→ **PROBLEM REQUIREMENTS**
An exact transcription of all the data is the expected reply.

· · ·

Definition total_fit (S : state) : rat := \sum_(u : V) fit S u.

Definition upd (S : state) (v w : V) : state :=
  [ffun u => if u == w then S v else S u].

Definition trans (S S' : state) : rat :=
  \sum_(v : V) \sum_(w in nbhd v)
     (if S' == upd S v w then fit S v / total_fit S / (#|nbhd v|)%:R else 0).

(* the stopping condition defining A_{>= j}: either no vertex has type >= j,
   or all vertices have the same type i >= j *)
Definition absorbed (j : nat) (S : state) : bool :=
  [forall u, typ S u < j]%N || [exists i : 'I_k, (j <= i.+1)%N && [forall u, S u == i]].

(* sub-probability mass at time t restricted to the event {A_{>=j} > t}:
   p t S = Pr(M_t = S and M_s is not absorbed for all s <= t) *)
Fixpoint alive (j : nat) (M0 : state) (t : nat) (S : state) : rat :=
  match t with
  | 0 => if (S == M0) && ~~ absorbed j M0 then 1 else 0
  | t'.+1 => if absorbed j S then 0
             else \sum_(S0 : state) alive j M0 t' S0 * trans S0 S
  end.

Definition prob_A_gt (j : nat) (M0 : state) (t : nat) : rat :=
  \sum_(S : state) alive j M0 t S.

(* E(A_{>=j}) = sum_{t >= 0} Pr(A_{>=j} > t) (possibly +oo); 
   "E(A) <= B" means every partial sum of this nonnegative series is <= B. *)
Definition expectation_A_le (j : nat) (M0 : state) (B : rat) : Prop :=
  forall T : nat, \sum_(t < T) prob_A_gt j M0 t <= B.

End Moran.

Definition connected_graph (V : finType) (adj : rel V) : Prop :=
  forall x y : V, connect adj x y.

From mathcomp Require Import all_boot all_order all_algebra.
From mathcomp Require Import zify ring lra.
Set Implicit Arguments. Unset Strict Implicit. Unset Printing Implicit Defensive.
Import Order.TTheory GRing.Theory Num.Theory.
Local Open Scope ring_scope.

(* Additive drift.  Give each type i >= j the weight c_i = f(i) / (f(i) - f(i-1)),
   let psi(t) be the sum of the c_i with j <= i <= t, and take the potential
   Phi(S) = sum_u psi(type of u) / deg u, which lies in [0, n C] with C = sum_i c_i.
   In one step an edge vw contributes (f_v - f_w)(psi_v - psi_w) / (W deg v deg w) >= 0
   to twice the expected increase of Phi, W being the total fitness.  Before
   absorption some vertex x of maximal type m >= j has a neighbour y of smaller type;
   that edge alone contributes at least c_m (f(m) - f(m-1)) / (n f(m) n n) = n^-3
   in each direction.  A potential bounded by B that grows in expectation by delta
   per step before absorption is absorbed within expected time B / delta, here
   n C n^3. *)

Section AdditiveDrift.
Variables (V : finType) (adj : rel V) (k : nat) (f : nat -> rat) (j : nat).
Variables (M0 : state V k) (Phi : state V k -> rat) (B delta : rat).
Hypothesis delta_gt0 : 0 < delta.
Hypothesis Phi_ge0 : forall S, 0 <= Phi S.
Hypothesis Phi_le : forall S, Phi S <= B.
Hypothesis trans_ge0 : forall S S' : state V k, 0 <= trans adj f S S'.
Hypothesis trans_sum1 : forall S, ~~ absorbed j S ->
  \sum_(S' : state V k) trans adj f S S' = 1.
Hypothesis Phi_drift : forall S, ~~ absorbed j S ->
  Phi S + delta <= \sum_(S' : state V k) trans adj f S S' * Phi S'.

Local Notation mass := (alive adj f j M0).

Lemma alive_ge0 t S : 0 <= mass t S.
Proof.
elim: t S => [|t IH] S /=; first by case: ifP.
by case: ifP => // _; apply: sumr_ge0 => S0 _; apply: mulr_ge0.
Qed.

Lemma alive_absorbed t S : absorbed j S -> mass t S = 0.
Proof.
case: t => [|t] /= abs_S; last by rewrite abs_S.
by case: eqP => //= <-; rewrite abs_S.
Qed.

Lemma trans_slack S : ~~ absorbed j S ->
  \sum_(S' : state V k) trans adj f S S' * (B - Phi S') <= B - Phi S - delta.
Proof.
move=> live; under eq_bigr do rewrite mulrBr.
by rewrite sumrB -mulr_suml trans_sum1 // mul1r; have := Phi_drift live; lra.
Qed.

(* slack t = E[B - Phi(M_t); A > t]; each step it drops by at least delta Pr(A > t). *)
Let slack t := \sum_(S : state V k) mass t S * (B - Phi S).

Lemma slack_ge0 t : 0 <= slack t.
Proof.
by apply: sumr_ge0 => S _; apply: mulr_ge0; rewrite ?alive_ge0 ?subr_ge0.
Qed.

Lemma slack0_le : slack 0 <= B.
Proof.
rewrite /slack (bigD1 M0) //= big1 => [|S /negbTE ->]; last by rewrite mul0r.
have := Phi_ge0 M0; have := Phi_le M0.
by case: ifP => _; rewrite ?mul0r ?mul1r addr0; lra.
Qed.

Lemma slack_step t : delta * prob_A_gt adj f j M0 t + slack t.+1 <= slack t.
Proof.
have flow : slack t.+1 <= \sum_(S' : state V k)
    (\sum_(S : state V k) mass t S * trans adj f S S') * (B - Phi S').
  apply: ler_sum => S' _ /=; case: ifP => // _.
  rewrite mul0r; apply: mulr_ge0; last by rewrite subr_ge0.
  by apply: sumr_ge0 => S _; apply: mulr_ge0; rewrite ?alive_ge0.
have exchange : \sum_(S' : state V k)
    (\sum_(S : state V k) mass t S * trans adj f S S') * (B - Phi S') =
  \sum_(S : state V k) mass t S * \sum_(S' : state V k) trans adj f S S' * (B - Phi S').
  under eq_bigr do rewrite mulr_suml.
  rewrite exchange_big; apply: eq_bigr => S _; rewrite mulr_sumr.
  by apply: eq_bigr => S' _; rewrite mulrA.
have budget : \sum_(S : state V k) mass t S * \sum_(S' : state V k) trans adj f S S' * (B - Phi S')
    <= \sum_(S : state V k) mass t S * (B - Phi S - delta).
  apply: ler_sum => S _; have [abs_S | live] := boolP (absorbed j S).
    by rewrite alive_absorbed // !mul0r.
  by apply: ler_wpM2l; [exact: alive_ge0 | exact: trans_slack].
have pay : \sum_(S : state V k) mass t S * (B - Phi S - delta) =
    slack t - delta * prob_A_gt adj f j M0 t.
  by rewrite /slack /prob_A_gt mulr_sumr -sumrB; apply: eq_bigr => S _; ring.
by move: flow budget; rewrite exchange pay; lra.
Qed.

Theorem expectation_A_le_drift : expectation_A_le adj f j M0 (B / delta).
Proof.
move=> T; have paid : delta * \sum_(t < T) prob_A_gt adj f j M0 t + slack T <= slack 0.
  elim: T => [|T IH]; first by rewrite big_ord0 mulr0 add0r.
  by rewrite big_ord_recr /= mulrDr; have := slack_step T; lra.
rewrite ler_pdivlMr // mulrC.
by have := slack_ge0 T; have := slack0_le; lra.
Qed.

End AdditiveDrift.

· · ·

→ **TASK RESULT**
Definition total_fit (S : state) : rat := \sum_(u : V) fit S u.

Definition upd (S : state) (v w : V) : state :=
  [ffun u => if u == w then S v else S u].

Definition trans (S S' : state) : rat :=
  \sum_(v : V) \sum_(w in nbhd v)
     (if S' == upd S v w then fit S v / total_fit S / (#|nbhd v|)%:R else 0).

(* the stopping condition defining A_{>= j}: either no vertex has type >= j,
   or all vertices have the same type i >= j *)
Definition absorbed (j : nat) (S : state) : bool :=
  [forall u, typ S u < j]%N || [exists i : 'I_k, (j <= i.+1)%N && [forall u, S u == i]].

(* sub-probability mass at time t restricted to the event {A_{>=j} > t}:
   p t S = Pr(M_t = S and M_s is not absorbed for all s <= t) *)
Fixpoint alive (j : nat) (M0 : state) (t : nat) (S : state) : rat :=
  match t with
  | 0 => if (S == M0) && ~~ absorbed j M0 then 1 else 0
  | t'.+1 => if absorbed j S then 0
             else \sum_(S0 : state) alive j M0 t' S0 * trans S0 S
  end.

Definition prob_A_gt (j : nat) (M0 : state) (t : nat) : rat :=
  \sum_(S : state) alive j M0 t S.

(* E(A_{>=j}) = sum_{t >= 0} Pr(A_{>=j} > t) (possibly +oo); 
   "E(A) <= B" means every partial sum of this nonnegative series is <= B. *)
Definition expectation_A_le (j : nat) (M0 : state) (B : rat) : Prop :=
  forall T : nat, \sum_(t < T) prob_A_gt j M0 t <= B.

End Moran.

Definition connected_graph (V : finType) (adj : rel V) : Prop :=
  forall x y : V, connect adj x y.

From mathcomp Require Import all_boot all_order all_algebra.
From mathcomp Require Import zify ring lra.
Set Implicit Arguments. Unset Strict Implicit. Unset Printing Implicit Defensive.
Import Order.TTheory GRing.Theory Num.Theory.
Local Open Scope ring_scope.

(* Additive drift.  Give each type i >= j the weight c_i = f(i) / (f(i) - f(i-1)),
   let psi(t) be the sum of the c_i with j <= i <= t, and take the potential
   Phi(S) = sum_u psi(type of u) / deg u, which lies in [0, n C] with C = sum_i c_i.
   In one step an edge vw contributes (f_v - f_w)(psi_v - psi_w) / (W deg v deg w) >= 0
   to twice the expected increase of Phi, W being the total fitness.  Before
   absorption some vertex x of maximal type m >= j has a neighbour y of smaller type;
   that edge alone contributes at least c_m (f(m) - f(m-1)) / (n f(m) n n) = n^-3
   in each direction.  A potential bounded by B that grows in expectation by delta
   per step before absorption is absorbed within expected time B / delta, here
   n C n^3. *)

Section AdditiveDrift.
Variables (V : finType) (adj : rel V) (k : nat) (f : nat -> rat) (j : nat).
Variables (M0 : state V k) (Phi : state V k -> rat) (B delta : rat).
Hypothesis delta_gt0 : 0 < delta.
Hypothesis Phi_ge0 : forall S, 0 <= Phi S.
Hypothesis Phi_le : forall S, Phi S <= B.
Hypothesis trans_ge0 : forall S S' : state V k, 0 <= trans adj f S S'.
Hypothesis trans_sum1 : forall S, ~~ absorbed j S ->
  \sum_(S' : state V k) trans adj f S S' = 1.
Hypothesis Phi_drift : forall S, ~~ absorbed j S ->
  Phi S + delta <= \sum_(S' : state V k) trans adj f S S' * Phi S'.

Local Notation mass := (alive adj f j M0).

Lemma alive_ge0 t S : 0 <= mass t S.
Proof.
elim: t S => [|t IH] S /=; first by case: ifP.
by case: ifP => // _; apply: sumr_ge0 => S0 _; apply: mulr_ge0.
Qed.

Lemma alive_absorbed t S : absorbed j S -> mass t S = 0.
Proof.
case: t => [|t] /= abs_S; last by rewrite abs_S.
by case: eqP => //= <-; rewrite abs_S.
Qed.

Lemma trans_slack S : ~~ absorbed j S ->
  \sum_(S' : state V k) trans adj f S S' * (B - Phi S') <= B - Phi S - delta.
Proof.
move=> live; under eq_bigr do rewrite mulrBr.
by rewrite sumrB -mulr_suml trans_sum1 // mul1r; have := Phi_drift live; lra.
Qed.

(* slack t = E[B - Phi(M_t); A > t]; each step it drops by at least delta Pr(A > t). *)
Let slack t := \sum_(S : state V k) mass t S * (B - Phi S).

Lemma slack_ge0 t : 0 <= slack t.
Proof.
by apply: sumr_ge0 => S _; apply: mulr_ge0; rewrite ?alive_ge0 ?subr_ge0.
Qed.

Lemma slack0_le : slack 0 <= B.
Proof.
rewrite /slack (bigD1 M0) //= big1 => [|S /negbTE ->]; last by rewrite mul0r.
have := Phi_ge0 M0; have := Phi_le M0.
by case: ifP => _; rewrite ?mul0r ?mul1r addr0; lra.
Qed.

Lemma slack_step t : delta * prob_A_gt adj f j M0 t + slack t.+1 <= slack t.
Proof.
have flow : slack t.+1 <= \sum_(S' : state V k)
    (\sum_(S : state V k) mass t S * trans adj f S S') * (B - Phi S').
  apply: ler_sum => S' _ /=; case: ifP => // _.
  rewrite mul0r; apply: mulr_ge0; last by rewrite subr_ge0.
  by apply: sumr_ge0 => S _; apply: mulr_ge0; rewrite ?alive_ge0.
have exchange : \sum_(S' : state V k)
    (\sum_(S : state V k) mass t S * trans adj f S S') * (B - Phi S') =
  \sum_(S : state V k) mass t S * \sum_(S' : state V k) trans adj f S S' * (B - Phi S').
  under eq_bigr do rewrite mulr_suml.
  rewrite exchange_big; apply: eq_bigr => S _; rewrite mulr_sumr.
  by apply: eq_bigr => S' _; rewrite mulrA.
have budget : \sum_(S : state V k) mass t S * \sum_(S' : state V k) trans adj f S S' * (B - Phi S')
    <= \sum_(S : state V k) mass t S * (B - Phi S - delta).
  apply: ler_sum => S _; have [abs_S | live] := boolP (absorbed j S).
    by rewrite alive_absorbed // !mul0r.
  by apply: ler_wpM2l; [exact: alive_ge0 | exact: trans_slack].
have pay : \sum_(S : state V k) mass t S * (B - Phi S - delta) =
    slack t - delta * prob_A_gt adj f j M0 t.
  by rewrite /slack /prob_A_gt mulr_sumr -sumrB; apply: eq_bigr => S _; ring.
by move: flow budget; rewrite exchange pay; lra.
Qed.

Theorem expectation_A_le_drift : expectation_A_le adj f j M0 (B / delta).
Proof.
move=> T; have paid : delta * \sum_(t < T) prob_A_gt adj f j M0 t + slack T <= slack 0.
  elim: T => [|T IH]; first by rewrite big_ord0 mulr0 add0r.
  by rewrite big_ord_recr /= mulrDr; have := slack_step T; lra.
rewrite ler_pdivlMr // mulrC.
by have := slack_ge0 T; have := slack0_le; lra.
Qed.

End AdditiveDrift.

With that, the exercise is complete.